* Stored items
# # # # #

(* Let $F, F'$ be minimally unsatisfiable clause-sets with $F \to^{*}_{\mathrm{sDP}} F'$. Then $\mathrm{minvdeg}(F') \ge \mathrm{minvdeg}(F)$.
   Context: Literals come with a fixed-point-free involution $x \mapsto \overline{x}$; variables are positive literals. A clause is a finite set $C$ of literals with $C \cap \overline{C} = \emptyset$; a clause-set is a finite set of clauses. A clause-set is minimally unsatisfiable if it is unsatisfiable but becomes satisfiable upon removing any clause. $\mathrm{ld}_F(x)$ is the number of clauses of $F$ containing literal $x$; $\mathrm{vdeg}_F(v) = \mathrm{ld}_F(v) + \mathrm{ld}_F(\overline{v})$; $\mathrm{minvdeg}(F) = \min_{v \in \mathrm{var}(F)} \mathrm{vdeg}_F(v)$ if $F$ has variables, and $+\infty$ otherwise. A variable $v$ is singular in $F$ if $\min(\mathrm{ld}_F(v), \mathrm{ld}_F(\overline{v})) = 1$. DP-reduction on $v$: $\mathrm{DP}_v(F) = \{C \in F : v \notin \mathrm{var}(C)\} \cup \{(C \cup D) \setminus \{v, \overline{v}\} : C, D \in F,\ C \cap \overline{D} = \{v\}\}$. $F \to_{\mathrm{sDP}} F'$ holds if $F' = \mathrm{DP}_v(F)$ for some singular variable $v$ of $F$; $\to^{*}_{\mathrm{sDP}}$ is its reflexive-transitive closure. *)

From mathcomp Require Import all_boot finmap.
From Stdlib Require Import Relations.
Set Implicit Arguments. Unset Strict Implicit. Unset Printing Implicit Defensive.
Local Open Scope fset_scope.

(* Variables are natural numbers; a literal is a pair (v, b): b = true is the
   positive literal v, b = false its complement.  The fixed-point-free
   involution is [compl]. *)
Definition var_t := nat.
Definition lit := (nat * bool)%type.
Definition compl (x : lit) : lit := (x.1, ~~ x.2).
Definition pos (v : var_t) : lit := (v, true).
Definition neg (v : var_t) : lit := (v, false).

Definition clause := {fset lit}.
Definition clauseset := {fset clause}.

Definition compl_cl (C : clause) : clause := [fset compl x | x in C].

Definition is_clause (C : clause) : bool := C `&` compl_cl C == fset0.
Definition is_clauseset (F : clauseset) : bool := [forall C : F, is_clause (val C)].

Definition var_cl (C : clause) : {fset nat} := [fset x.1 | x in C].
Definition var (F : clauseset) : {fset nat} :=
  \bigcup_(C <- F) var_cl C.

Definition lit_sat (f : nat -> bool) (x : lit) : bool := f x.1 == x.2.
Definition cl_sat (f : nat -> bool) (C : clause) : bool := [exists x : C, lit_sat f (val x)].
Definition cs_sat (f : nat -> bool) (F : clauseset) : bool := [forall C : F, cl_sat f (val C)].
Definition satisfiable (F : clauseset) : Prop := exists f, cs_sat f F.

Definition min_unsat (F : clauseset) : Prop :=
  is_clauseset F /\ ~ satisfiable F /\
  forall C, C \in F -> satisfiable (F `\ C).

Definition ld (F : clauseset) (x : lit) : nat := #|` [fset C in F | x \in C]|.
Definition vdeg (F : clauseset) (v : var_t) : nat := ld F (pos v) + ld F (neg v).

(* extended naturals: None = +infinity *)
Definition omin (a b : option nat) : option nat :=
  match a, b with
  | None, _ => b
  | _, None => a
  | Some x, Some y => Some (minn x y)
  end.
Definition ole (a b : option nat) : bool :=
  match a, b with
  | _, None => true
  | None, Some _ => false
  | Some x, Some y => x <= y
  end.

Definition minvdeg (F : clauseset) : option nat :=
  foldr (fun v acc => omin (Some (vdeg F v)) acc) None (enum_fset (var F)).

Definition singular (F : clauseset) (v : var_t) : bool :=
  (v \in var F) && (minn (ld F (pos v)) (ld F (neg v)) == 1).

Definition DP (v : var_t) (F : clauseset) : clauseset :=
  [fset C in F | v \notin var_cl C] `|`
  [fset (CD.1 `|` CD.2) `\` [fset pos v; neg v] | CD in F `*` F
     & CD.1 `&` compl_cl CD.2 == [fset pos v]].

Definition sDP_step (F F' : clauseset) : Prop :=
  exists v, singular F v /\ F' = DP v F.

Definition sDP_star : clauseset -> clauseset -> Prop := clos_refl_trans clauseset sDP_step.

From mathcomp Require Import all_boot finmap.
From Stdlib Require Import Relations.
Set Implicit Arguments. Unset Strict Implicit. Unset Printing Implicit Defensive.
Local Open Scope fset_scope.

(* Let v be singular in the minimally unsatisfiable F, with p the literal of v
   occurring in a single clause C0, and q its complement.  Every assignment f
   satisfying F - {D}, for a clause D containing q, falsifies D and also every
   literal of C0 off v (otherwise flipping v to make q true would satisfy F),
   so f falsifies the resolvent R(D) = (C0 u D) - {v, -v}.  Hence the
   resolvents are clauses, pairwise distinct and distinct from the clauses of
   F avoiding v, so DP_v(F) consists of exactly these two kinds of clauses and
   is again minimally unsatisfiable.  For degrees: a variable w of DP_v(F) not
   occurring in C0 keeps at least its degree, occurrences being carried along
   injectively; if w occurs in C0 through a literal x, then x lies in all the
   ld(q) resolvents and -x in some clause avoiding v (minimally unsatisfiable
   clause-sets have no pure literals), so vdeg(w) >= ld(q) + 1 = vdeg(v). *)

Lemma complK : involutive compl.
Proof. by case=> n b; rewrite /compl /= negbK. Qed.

# # # # #

* INSTRUCTIONS TO FOLLOW
Only the lines above from the line with "Definition min_unsat (F" to the line with "Some y => x <= y", those two lines included, should be reproduced exactly.

* ANSWER SECTION
Definition min_unsat (F : clauseset) : Prop :=
  is_clauseset F /\ ~ satisfiable F /\
  forall C, C \in F -> satisfiable (F `\ C).

Definition ld (F : clauseset) (x : lit) : nat := #|` [fset C in F | x \in C]|.
Definition vdeg (F : clauseset) (v : var_t) : nat := ld F (pos v) + ld F (neg v).

(* extended naturals: None = +infinity *)
Definition omin (a b : option nat) : option nat :=
  match a, b with
  | None, _ => b
  | _, None => a
  | Some x, Some y => Some (minn x y)
  end.
Definition ole (a b : option nat) : bool :=
  match a, b with
  | _, None => true
  | None, Some _ => false
  | Some x, Some y => x <= y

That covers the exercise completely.